Acórdão de 2º Grau

Serviços de Saúde 0800836-09.2023.8.18.0146


Ementa

JUIZADO ESPECIAL. RECURSO INOMINADO. DIREITO DO CONSUMIDOR. AÇÃO DE INDENIZAÇÃO POR DANOS MORAIS. PRESCRITO EXAME HISTEROSCOPIA DIAGNÓSTICA COM BIOPSIA E SEDAÇÃO. EXAME REALIZADO SEM SEDAÇÃO. CAUSOU EFEITOS ADVERSOS. DANO MORAL CONFIGURADO. QUANTUM INDENIZATÓRIO DESPROPORCIONAL. RECURSO CONHECIDO E PARCIALMENTE PROVIDO. (TJPI - RECURSO INOMINADO CÍVEL 0800836-09.2023.8.18.0146 - Relator: ELVANICE PEREIRA DE SOUSA - 1ª Turma Recursal - Data 24/02/2025 )

Acórdão


ÓRGÃO JULGADOR : 1ª Turma Recursal

RECURSO INOMINADO CÍVEL (460) No 0800836-09.2023.8.18.0146

RECORRENTE: PRISCILA OSORIO FERNANDES

Advogado(s) do reclamante: MATHEUS DE CARVALHO RIBEIRO GONCALVES SOARES REGISTRADO(A) CIVILMENTE COMO MATHEUS DE CARVALHO RIBEIRO GONCALVES SOARES

RECORRIDO: ASSOCIACAO PIAUIENSE DE COMBATE AO CANCER

Advogado(s) do reclamado: VIRNA GONCALVES DOURADO VALIANTE, TIAGO ALMEIDA DE OLIVEIRA VELOSO

RELATOR(A): 2ª Cadeira da 1ª Turma Recursal

 


JuLIA Explica

EMENTA


 

 

JUIZADO ESPECIAL. RECURSO INOMINADO. DIREITO DO CONSUMIDOR. AÇÃO DE INDENIZAÇÃO POR DANOS MORAIS. PRESCRITO EXAME HISTEROSCOPIA DIAGNÓSTICA COM BIOPSIA E SEDAÇÃO. EXAME REALIZADO SEM SEDAÇÃO. CAUSOU EFEITOS ADVERSOS. DANO MORAL CONFIGURADO. QUANTUM INDENIZATÓRIO DESPROPORCIONAL. RECURSO CONHECIDO E PARCIALMENTE PROVIDO.

 

 


RELATÓRIO


 

 

 

Trata-se de demanda judicial, na qual a parte autora requer indenização por danos morais em virtude de falhas na realização do exame de histeroscopia diagnóstica realizado no Hospital São Marcos, tendo em vista que foi solicitado a realização do exame com sedação e o mesmo teria sido realizado sem a sedação, sem qualquer aviso prévio, tendo causado um nível fora do padrão de dores e até sangramento.

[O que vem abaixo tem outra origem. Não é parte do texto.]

(* Let $\mathcal{A}\subseteq\mathbb{R}^3$ and let $\varphi_1,\ldots,\varphi_N\in L^2(\mathcal{A})$ be pairwise non-parallel with $\boldsymbol{\Psi}=\int_{\mathcal{A}}\boldsymbol{\varphi}^{\mathsf{H}}\boldsymbol{\varphi}\,\mathrm{d}\mathbf{r}$ positive definite, $\boldsymbol{\varphi}(\mathbf{r})=[\varphi_1(\mathbf{r}),\ldots,\varphi_N(\mathbf{r})]$, eigendecomposition $\boldsymbol{\Psi}=\mathbf{U}\,\mathrm{diag}(\lambda_1,\ldots,\lambda_N)\mathbf{U}^{\mathsf{H}}$, $\lambda_n>0$. For Hermitian $\mathbf{M}$ let $T_{\mathbf{M}}$ be the operator on $L^2(\mathcal{A})$ with kernel $\delta(\mathbf{r}-\mathbf{r}')-\boldsymbol{\varphi}(\mathbf{r})\mathbf{M}\boldsymbol{\varphi}^{\mathsf{H}}(\mathbf{r}')$. Let $C_\varphi=T_{-\mathbf{I}_N}$, $\overline{C}_\varphi=T_{(\mathbf{I}_N+\boldsymbol{\Psi})^{-1}}$, $\overline{B}_\varphi=T_{\overline{\mathbf{B}}_{\boldsymbol\Psi}}$ with $\overline{\mathbf{B}}_{\boldsymbol\Psi}=\mathbf{U}\,\mathrm{diag}\big(\tfrac{1+\sqrt{1+\lambda_n}}{\lambda_n\sqrt{1+\lambda_n}}\big)\mathbf{U}^{\mathsf{H}}$, and $B_\varphi=T_{\mathbf{B}_{\boldsymbol\Psi}}$ with $\mathbf{B}_{\boldsymbol\Psi}=\mathbf{U}\,\mathrm{diag}\big(\tfrac{1+\sqrt{1+\lambda_n}}{\lambda_n}\big)\mathbf{U}^{\mathsf{H}}$. Then $\overline{B}_\varphi\overline{B}_\varphi=\overline{C}_\varphi$ and $B_\varphi B_\varphi=C_\varphi$, i.e. $\int_{\mathcal{A}}\overline{B}_\varphi(\mathbf{r}_1,\mathbf{r})\overline{B}_\varphi(\mathbf{r},\mathbf{r}_2)\,\mathrm{d}\mathbf{r}=\overline{C}_\varphi(\mathbf{r}_1,\mathbf{r}_2)$ and $\int_{\mathcal{A}}B_\varphi(\mathbf{r}_1,\mathbf{r})B_\varphi(\mathbf{r},\mathbf{r}_2)\,\mathrm{d}\mathbf{r}=C_\varphi(\mathbf{r}_1,\mathbf{r}_2)$.
   Context: Kernels containing $\delta(\mathbf{r}-\mathbf{r}')$ denote the identity plus a finite-rank integral operator. *)

From HB Require Import structures.
From mathcomp Require Import all_boot all_order all_algebra.
From mathcomp Require Import complex.
From mathcomp Require Import all_classical all_reals all_analysis.
Set Implicit Arguments. Unset Strict Implicit. Unset Printing Implicit Defensive.
Import Order.TTheory GRing.Theory Num.Theory.
Local Open Scope classical_set_scope.
Local Open Scope ring_scope.
(* Let $N\ge2$, $\rho\in[0,1)$, $f<0$, $g<0$, and $\nu\in i\mathbb{R}$. Suppose the leader moves as $z_0(t)=e^{\nu t}$, so that $\Gamma_0(t)=g_0(\nu)e^{\nu t}$ with $g_0(\nu)=-(1-\rho)(f+g\nu)e_2$. Then $\nu$ is not an eigenvalue of $M$, and every solution $z(t)$ of $\dot z=Mz+\Gamma_0(t)$ satisfies $z(t)-a(\nu)e^{\nu t}\to0$ as $t\to\infty$, where $a(\nu)=-(M-\nu I)^{-1}g_0(\nu)$. In particular $z_k(t)-a_k(\nu)e^{\nu t}\to0$ for each $1\le k\le N$, where $a_k(\nu)$ is the $(2k-1)$-th entry of $a(\nu)$.
   Context: Model: agents $0,\dots,N$ on the line with deviations $z_k(t)$; leader trajectory $z_0$ prescribed; for $1\le i\le N-1$, $\ddot z_i=f\{z_i-(1-\rho)z_{i-1}-\rho z_{i+1}\}+g\{\dot z_i-(1-\rho)\dot z_{i-1}-\rho\dot z_{i+1}\}$, and $\ddot z_N=f\{z_N-z_{N-1}\}+g\{\dot z_N-\dot z_{N-1}\}$. In first-order form with $z=(z_1,\dot z_1,\dots,z_N,\dot z_N)^T\in\mathbb{C}^{2N}$: $\dot z=Mz+\Gamma_0(t)$, $M=I_N\otimes A+P\otimes K$, $A=\begin{pmatrix}0&1\\0&0\end{pmatrix}$, $K=\begin{pmatrix}0&0\\ f&g\end{pmatrix}$, $P=I_N-Q_\rho$ with $Q_\rho$ the $N\times N$ matrix with zero diagonal, $(Q_\rho)_{i,i+1}=\rho$ ($1\le i\le N-1$), $(Q_\rho)_{i,i-1}=1-\rho$ ($2\le i\le N-1$), $(Q_\rho)_{N,N-1}=1$, other entries $0$; $\Gamma_0(t)=-(1-\rho)(fz_0(t)+g\dot z_0(t))e_2$, $e_2$ the second standard basis vector of $\mathbb{C}^{2N}$. *)

From Stdlib Require Import Reals Arith.
Open Scope R_scope.

Definition Cx := (R * R)%type.
Definition RtoC (x : R) : Cx := (x, 0).
Definition C0 : Cx := (0, 0).
Definition Cadd (z w : Cx) : Cx := (fst z + fst w, snd z + snd w).
Definition Copp (z : Cx) : Cx := (- fst z, - snd z).
Definition Csub (z w : Cx) : Cx := Cadd z (Copp w).
Definition Cmul (z w : Cx) : Cx :=
  (fst z * fst w - snd z * snd w, fst z * snd w + snd z * fst w).
Definition Cmod (z : Cx) : R := sqrt (fst z ^ 2 + snd z ^ 2).
Definition Cexp (z : Cx) : Cx := (exp (fst z) * cos (snd z), exp (fst z) * sin (snd z)).

Fixpoint Csum (n : nat) (F : nat -> Cx) : Cx :=
  match n with O => C0 | S m => Cadd (Csum m F) (F m) end.

(* vectors of C^{2N}: entries indexed 0 .. 2N-1; entry 2(k-1) is z_k,
   entry 2(k-1)+1 is dz_k/dt (k = 1..N) *)
Definition cvec := nat -> Cx.

Definition A_entry (a b : nat) : R :=
  if andb (a =? 0)%nat (b =? 1)%nat then 1 else 0.
Definition K_entry (f g : R) (a b : nat) : R :=
  if andb (a =? 1)%nat (b =? 0)%nat then f
  else if andb (a =? 1)%nat (b =? 1)%nat then g else 0.

(* Q_rho with 0-based indices i, j in 0..N-1:
   (Q)_{i,i+1} = rho for 0 <= i <= N-2;
   (Q)_{i,i-1} = 1 - rho for 1 <= i <= N-2;
   (Q)_{N-1,N-2} = 1; all other entries 0. *)
Definition Q_entry (N : nat) (rho : R) (i j : nat) : R :=
  if andb (j =? i + 1)%nat (j <? N)%nat then rho
  else if andb (i =? j + 1)%nat (i + 1 <? N)%nat then 1 - rho
  else if andb (i + 1 =? N)%nat (i =? j + 1)%nat then 1
  else 0.

Definition P_entry (N : nat) (rho : R) (i j : nat) : R :=
  (if (i =? j)%nat then 1 else 0) - Q_entry N rho i j.

(* M = I_N (x) A + P (x) K, row index r = 2i + a, column index c = 2j + b *)
Definition M_entry (N : nat) (rho f g : R) (r c : nat) : R :=
  let i := (r / 2)%nat in let a := (r mod 2)%nat in
  let j := (c / 2)%nat in let b := (c mod 2)%nat in
  (if (i =? j)%nat then A_entry a b else 0) + P_entry N rho i j * K_entry f g a b.

Definition Mv (N : nat) (rho f g : R) (v : cvec) : cvec :=
  fun r => Csum (2 * N) (fun c => Cmul (RtoC (M_entry N rho f g r c)) (v c)).

Definition is_eigenvalue (N : nat) (rho f g : R) (nu : Cx) : Prop :=
  exists v : cvec,
    (exists r, (r < 2 * N)%nat /\ v r <> C0) /\
    (forall r, (r < 2 * N)%nat -> Mv N rho f g v r = Cmul nu (v r)).

(* e_2: second standard basis vector (0-based index 1) *)
Definition e2 : cvec := fun r => if (r =? 1)%nat then RtoC 1 else C0.

Definition g0 (rho f g : R) (nu : Cx) : cvec :=
  fun r => Cmul (RtoC (- (1 - rho))) (Cmul (Cadd (RtoC f) (Cmul (RtoC g) nu)) (e2 r)).

Definition Gamma0 (rho f g : R) (nu : Cx) (t : R) : cvec :=
  fun r => Cmul (g0 rho f g nu r) (Cexp (Cmul (RtoC t) nu)).

Definition is_solution (N : nat) (rho f g : R) (nu : Cx) (z : R -> cvec) : Prop :=
  forall r, (r < 2 * N)%nat -> forall t : R,
    derivable_pt_lim (fun s => fst (z s r)) t
      (fst (Cadd (Mv N rho f g (z t) r) (Gamma0 rho f g nu t r))) /\
    derivable_pt_lim (fun s => snd (z s r)) t
      (snd (Cadd (Mv N rho f g (z t) r) (Gamma0 rho f g nu t r))).

From Stdlib Require Import Reals Lra Lia Psatz.
Open Scope R_scope.

(* Split a vector of C^{2N} into positions [p] and velocities [q], so that [z' = M z] reads
   [p' = q], [q' = f P p + g P q].  For [rho > 0] the weights [w_i = beta^i],
   [beta = rho / (1 - rho)] (last one adjusted), make [diag(w) P] symmetric and positive
   definite, and [-f <p, P p>_w + |q|_w^2 + eps (<p, q>_w - g/2 <p, P p>_w)] is a strict
   Lyapunov function for small [eps].  For [rho = 0], [P] is lower bidiagonal and the system
   is a cascade of damped oscillators, each forced by its predecessor.  Either way every
   solution of the homogeneous system tends to 0.  The same weighted pairing shows that
   [(f + g nu) P x = nu^2 x] has no nonzero solution for imaginary [nu], so [nu] is not an
   eigenvalue; [a(nu)] is obtained by solving the tridiagonal system from the last agent
   upwards, and [z - a(nu) e^(nu t)] solves the homogeneous system. *)

Fixpoint rsum (n : nat) (F : nat -> R) : R :=
  match n with O => 0 | S m => rsum m F + F m end.

Lemma rsum_ext n F G : (forall i, (i < n)%nat -> F i = G i) -> rsum n F = rsum n G.
Proof.
  induction n as [|n IH]; intros H; simpl; [reflexivity|].
  rewrite IH by (intros; apply H; lia). rewrite H by lia. reflexivity.
Qed.

Lemma rsum_plus n F G : rsum n (fun i => F i + G i) = rsum n F + rsum n G.
Proof. induction n; simpl; [ring | rewrite IHn; ring]. Qed.

Lemma rsum_minus n F G : rsum n (fun i => F i - G i) = rsum n F - rsum n G.
Proof. induction n; simpl; [ring | rewrite IHn; ring]. Qed.

Lemma rsum_scal_l n a F : rsum n (fun i => a * F i) = a * rsum n F.
Proof. induction n; simpl; [ring | rewrite IHn; ring]. Qed.

Lemma rsum_scal_r n a F : rsum n (fun i => F i * a) = rsum n F * a.
Proof. induction n; simpl; [ring | rewrite IHn; ring]. Qed.

Lemma rsum_delta n k X :
  rsum n (fun i => if (i =? k)%nat then X else 0) = if (k <? n)%nat then X else 0.
Proof.
  induction n as [|n IH]; simpl; [now destruct k|].
  rewrite IH. destruct (Nat.eqb_spec n k), (Nat.ltb_spec k n), (Nat.ltb_spec k (S n));
    try lia; ring.
Qed.

Lemma rsum_pairs n F :
  rsum (2 * n) F = rsum n (fun j => F (2 * j)%nat + F (2 * j + 1)%nat).
Proof.
  induction n as [|n IH]; [reflexivity|].
  replace (2 * S n)%nat with (S (S (2 * n))) by lia. cbn [rsum]. rewrite IH.
  replace (2 * n + 1)%nat with (S (2 * n)) by lia. ring.
Qed.

Lemma rsum_nonneg n F : (forall i, (i < n)%nat -> 0 <= F i) -> 0 <= rsum n F.
Proof.
  intros H. induction n as [|n IH]; simpl; [lra|].
  pose proof (H n ltac:(lia)). pose proof (IH ltac:(intros; apply H; lia)). lra.
Qed.

Lemma rsum_ge_term n F k :
  (forall i, (i < n)%nat -> 0 <= F i) -> (k < n)%nat -> F k <= rsum n F.
Proof.
  intros H. induction n as [|n IH]; intros Hk; simpl; [lia|].
  assert (Hpos : 0 <= rsum n F) by (apply rsum_nonneg; intros; apply H; lia).
  destruct (Nat.eq_dec k n) as [->|Hne].
  - lra.
  - pose proof (IH ltac:(intros; apply H; lia) ltac:(lia)). pose proof (H n ltac:(lia)). lra.
Qed.


Definition C1 : Cx := (1, 0).
Definition Cinv (z : Cx) : Cx :=
  (fst z / (fst z * fst z + snd z * snd z), - snd z / (fst z * fst z + snd z * snd z)).
Definition Cdiv (z w : Cx) : Cx := Cmul z (Cinv w).

Lemma Cx_eq (z w : Cx) : fst z = fst w -> snd z = snd w -> z = w.
Proof. destruct z, w; simpl; intros -> ->; reflexivity. Qed.

Lemma Cx_ring : ring_theory C0 C1 Cadd Cmul Csub Copp (@eq Cx).
Proof. constructor; intros; apply Cx_eq; simpl; ring. Qed.

Lemma C1_neq_C0 : C1 <> C0.
Proof. intros H. injection H. lra. Qed.

Lemma Cx_field : field_theory C0 C1 Cadd Cmul Csub Copp Cdiv Cinv (@eq Cx).
Proof.
  constructor; [exact Cx_ring | exact C1_neq_C0 | reflexivity |].
  intros [a b] Hz. assert (a * a + b * b <> 0).
  { intros E. apply Hz. assert (a = 0) by nra. assert (b = 0) by nra. subst. reflexivity. }
  apply Cx_eq; simpl; field; auto.
Qed.

Add Field Cx_field_inst : Cx_field.

Lemma fst_Csub z w : fst (Csub z w) = fst z - fst w.
Proof. reflexivity. Qed.

Lemma snd_Csub z w : snd (Csub z w) = snd z - snd w.
Proof. reflexivity. Qed.

Lemma RtoC_neq0 a : a <> 0 -> RtoC a <> C0.
Proof. intros H E. apply H. exact (f_equal fst E). Qed.

Lemma fst_Csum n F : fst (Csum n F) = rsum n (fun c => fst (F c)).
Proof. induction n; simpl; congruence. Qed.

Lemma snd_Csum n F : snd (Csum n F) = rsum n (fun c => snd (F c)).
Proof. induction n; simpl; congruence. Qed.

(** * Derivatives and decay *)

Lemma D_plus u v t a b : derivable_pt_lim u t a -> derivable_pt_lim v t b ->
  derivable_pt_lim (fun s => u s + v s) t (a + b).
Proof. apply derivable_pt_lim_plus. Qed.

Lemma D_minus u v t a b : derivable_pt_lim u t a -> derivable_pt_lim v t b ->
  derivable_pt_lim (fun s => u s - v s) t (a - b).
Proof. apply derivable_pt_lim_minus. Qed.

Lemma D_mult u v t a b : derivable_pt_lim u t a -> derivable_pt_lim v t b ->
  derivable_pt_lim (fun s => u s * v s) t (a * v t + u t * b).
Proof. apply derivable_pt_lim_mult. Qed.

Lemma D_scal c u t a : derivable_pt_lim u t a ->
  derivable_pt_lim (fun s => c * u s) t (c * a).
Proof. apply derivable_pt_lim_scal. Qed.

Lemma D_eq u t a b : a = b -> derivable_pt_lim u t a -> derivable_pt_lim u t b.
Proof. intros ->; auto. Qed.

Lemma D_rsum n (F : nat -> R -> R) (F' : nat -> R) t :
  (forall i, (i < n)%nat -> derivable_pt_lim (F i) t (F' i)) ->
  derivable_pt_lim (fun s => rsum n (fun i => F i s)) t (rsum n F').
Proof.
  induction n; intros H; simpl.
  - apply derivable_pt_lim_const.
  - apply D_plus; [apply IHn; intros|]; apply H; lia.
Qed.

Lemma D_comp_scal (F F' : R -> R) c t :
  derivable_pt_lim F (c * t) (F' (c * t)) ->
  derivable_pt_lim (fun s => F (c * s)) t (c * F' (c * t)).
Proof.
  intros HF. apply D_eq with (F' (c * t) * c); [ring|].
  apply (derivable_pt_lim_comp (fun s => c * s) F t c); auto.
  apply D_eq with (c * 1); [ring|]. apply D_scal, derivable_pt_lim_id.
Qed.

Sobreveio sentença que julgou procedente o pedido nos seguintes termos:


Diante de tudo que foi mencionado, julgo PROCEDENTE, nos termos do artigo 487, I, CPC, o pedido inicial para:

1)  Condenar o réu a pagar a autora a quantia de R$ 12.000,00, (Dez mil reais) a título de indenização por danos morais, devidamente corrigida de acordo com o índice da tabela da Corregedoria Geral de Justiça deste estado, desde o arbitramento (Súmula 362 STJ) e juros legais de 1% ao mês a partir da citação.

 

Deixo de condenar a requerida nas custas processuais e honorários sucumbenciais em razão da regra prevista no artigos 54 e 55 da Lei 9099/95”.



Inconformado, o Requerido, ora Recorrente, alegou em suas razões: da necessária consideração do posicionamento da recorrente; princípio do contraditório; julgamento pautado apenas na versão da recorrida; da inexistência de danos morais; ausência de responsabilidade objetiva; do quantum indenizatório. Por fim, requereu a reforma da sentença para que seja afastada a condenação em indenização por danos morais e, subsidiariamente, a redução do valor da indenização por danos morais.

 

Contrarrazões apresentadas.

É o relatório.

JuLIA Explica

 


VOTO


 

 

Presentes os pressupostos de admissibilidade, conheço do recurso.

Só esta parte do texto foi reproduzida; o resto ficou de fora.